▸ Stored items:

----

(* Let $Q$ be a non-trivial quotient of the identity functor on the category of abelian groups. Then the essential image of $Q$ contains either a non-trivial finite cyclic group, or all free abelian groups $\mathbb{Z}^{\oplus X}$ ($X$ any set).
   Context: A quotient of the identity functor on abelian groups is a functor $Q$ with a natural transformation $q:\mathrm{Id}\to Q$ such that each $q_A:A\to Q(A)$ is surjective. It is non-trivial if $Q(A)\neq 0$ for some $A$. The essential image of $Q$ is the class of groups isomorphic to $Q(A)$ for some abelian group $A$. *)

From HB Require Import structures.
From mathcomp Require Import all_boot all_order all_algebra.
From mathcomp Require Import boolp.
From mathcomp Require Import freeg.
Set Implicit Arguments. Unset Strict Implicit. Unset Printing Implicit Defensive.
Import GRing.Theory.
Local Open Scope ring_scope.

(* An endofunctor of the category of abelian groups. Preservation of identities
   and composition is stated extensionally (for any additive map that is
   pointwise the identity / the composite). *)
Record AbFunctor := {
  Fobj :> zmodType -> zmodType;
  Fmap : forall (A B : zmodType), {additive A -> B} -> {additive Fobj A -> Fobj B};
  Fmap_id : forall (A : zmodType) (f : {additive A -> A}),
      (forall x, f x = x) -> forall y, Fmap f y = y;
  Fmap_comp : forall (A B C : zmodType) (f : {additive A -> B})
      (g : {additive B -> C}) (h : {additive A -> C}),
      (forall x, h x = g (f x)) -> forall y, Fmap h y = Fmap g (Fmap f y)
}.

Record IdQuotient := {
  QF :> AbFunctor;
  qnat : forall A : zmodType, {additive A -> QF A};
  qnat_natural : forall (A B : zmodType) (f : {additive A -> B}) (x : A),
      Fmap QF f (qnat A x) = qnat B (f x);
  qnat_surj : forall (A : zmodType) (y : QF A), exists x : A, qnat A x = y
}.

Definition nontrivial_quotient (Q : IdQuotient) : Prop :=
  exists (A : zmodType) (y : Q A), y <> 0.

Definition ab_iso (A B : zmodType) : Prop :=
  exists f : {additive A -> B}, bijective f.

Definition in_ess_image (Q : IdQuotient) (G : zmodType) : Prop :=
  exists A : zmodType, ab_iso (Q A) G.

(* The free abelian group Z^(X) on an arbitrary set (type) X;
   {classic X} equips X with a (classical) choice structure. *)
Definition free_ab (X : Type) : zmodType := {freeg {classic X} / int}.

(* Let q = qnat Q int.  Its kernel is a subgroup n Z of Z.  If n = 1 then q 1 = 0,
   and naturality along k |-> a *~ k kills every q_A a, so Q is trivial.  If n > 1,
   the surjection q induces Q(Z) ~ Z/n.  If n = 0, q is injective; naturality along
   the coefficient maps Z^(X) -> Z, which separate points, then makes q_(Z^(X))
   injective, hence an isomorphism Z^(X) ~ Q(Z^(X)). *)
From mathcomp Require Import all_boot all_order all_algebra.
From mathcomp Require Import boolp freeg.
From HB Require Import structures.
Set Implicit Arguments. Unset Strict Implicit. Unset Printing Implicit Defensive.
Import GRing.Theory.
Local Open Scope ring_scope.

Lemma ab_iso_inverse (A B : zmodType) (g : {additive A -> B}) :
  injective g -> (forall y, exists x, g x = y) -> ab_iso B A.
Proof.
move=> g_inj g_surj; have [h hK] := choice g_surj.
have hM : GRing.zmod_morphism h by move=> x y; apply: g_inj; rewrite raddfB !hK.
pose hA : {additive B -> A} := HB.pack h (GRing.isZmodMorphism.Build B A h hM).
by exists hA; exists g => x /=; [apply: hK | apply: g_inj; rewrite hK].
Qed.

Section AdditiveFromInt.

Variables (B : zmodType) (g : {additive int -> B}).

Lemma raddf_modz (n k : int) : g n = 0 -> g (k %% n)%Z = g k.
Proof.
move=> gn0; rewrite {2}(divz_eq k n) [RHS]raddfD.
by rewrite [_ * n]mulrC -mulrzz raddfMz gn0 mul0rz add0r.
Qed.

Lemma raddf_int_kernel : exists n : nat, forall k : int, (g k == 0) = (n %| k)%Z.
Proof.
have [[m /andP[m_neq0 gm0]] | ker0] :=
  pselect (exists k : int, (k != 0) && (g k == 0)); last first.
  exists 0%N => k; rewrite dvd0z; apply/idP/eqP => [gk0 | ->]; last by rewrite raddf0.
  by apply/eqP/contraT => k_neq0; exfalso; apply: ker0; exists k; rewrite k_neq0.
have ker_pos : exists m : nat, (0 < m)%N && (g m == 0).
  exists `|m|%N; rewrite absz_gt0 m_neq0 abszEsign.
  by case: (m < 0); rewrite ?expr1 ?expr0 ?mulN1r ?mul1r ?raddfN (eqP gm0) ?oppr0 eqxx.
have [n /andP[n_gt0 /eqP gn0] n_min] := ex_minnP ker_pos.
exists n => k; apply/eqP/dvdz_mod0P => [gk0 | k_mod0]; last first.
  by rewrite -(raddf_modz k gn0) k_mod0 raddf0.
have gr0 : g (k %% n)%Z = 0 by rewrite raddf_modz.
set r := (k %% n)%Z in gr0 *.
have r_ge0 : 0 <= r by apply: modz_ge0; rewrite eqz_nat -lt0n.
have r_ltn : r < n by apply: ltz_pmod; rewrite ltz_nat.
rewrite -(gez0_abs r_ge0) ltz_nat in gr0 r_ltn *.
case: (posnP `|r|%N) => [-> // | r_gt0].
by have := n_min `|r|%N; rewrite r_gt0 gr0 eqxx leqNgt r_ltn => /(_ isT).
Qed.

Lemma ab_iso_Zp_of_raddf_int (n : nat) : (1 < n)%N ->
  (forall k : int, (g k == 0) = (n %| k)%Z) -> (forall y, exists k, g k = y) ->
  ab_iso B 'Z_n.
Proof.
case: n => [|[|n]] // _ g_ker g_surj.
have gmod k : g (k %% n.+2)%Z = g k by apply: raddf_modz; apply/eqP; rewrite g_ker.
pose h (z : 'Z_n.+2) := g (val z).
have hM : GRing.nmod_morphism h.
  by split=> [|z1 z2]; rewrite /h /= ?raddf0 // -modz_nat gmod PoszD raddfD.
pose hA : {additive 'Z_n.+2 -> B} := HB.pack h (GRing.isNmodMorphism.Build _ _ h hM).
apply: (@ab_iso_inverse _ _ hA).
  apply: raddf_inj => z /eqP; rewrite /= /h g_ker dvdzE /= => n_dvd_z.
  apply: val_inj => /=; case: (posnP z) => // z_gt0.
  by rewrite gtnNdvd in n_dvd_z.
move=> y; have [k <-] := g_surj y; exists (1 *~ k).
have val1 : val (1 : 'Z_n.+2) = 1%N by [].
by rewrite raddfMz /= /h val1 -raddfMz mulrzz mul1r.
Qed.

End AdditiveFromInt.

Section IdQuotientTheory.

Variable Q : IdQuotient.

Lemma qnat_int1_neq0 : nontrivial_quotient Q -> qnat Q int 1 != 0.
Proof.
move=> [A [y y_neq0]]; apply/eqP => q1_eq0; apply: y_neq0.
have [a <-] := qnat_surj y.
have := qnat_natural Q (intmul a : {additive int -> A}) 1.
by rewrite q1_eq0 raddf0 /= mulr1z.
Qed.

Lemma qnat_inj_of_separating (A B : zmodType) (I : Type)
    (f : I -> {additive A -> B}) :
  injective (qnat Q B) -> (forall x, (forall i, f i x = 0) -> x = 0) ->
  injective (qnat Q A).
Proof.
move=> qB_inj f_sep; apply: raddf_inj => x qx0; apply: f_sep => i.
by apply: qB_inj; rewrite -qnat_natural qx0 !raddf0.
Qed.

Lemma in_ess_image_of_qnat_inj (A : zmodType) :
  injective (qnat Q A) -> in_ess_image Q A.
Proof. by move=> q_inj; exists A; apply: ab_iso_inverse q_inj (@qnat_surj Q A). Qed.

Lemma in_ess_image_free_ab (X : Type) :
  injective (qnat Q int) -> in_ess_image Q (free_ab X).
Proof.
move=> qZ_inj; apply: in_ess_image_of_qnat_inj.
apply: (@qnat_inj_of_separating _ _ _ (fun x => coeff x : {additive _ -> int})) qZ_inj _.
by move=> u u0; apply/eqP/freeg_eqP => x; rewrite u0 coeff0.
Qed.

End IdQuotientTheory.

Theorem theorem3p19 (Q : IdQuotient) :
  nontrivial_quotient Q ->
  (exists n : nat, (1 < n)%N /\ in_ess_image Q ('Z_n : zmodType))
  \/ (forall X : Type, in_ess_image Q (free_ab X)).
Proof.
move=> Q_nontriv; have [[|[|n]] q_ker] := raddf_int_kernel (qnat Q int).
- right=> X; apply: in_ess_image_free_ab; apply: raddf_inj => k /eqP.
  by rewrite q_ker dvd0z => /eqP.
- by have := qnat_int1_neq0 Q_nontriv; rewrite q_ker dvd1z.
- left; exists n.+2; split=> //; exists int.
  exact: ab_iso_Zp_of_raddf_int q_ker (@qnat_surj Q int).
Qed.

----

▸ EXERCISE DIRECTIONS: Would you copy out exactly the lines above that start at the one containing "apply: raddf_inj => z" and end at the one containing "have val1 : val (1 : 'Z_n.+2) = 1%N by [].", inclusive?

▸ SOLUTION TO THE EXERCISE:
  apply: raddf_inj => z /eqP; rewrite /= /h g_ker dvdzE /= => n_dvd_z.
  apply: val_inj => /=; case: (posnP z) => // z_gt0.
  by rewrite gtnNdvd in n_dvd_z.
move=> y; have [k <-] := g_surj y; exists (1 *~ k).
have val1 : val (1 : 'Z_n.+2) = 1%N by [].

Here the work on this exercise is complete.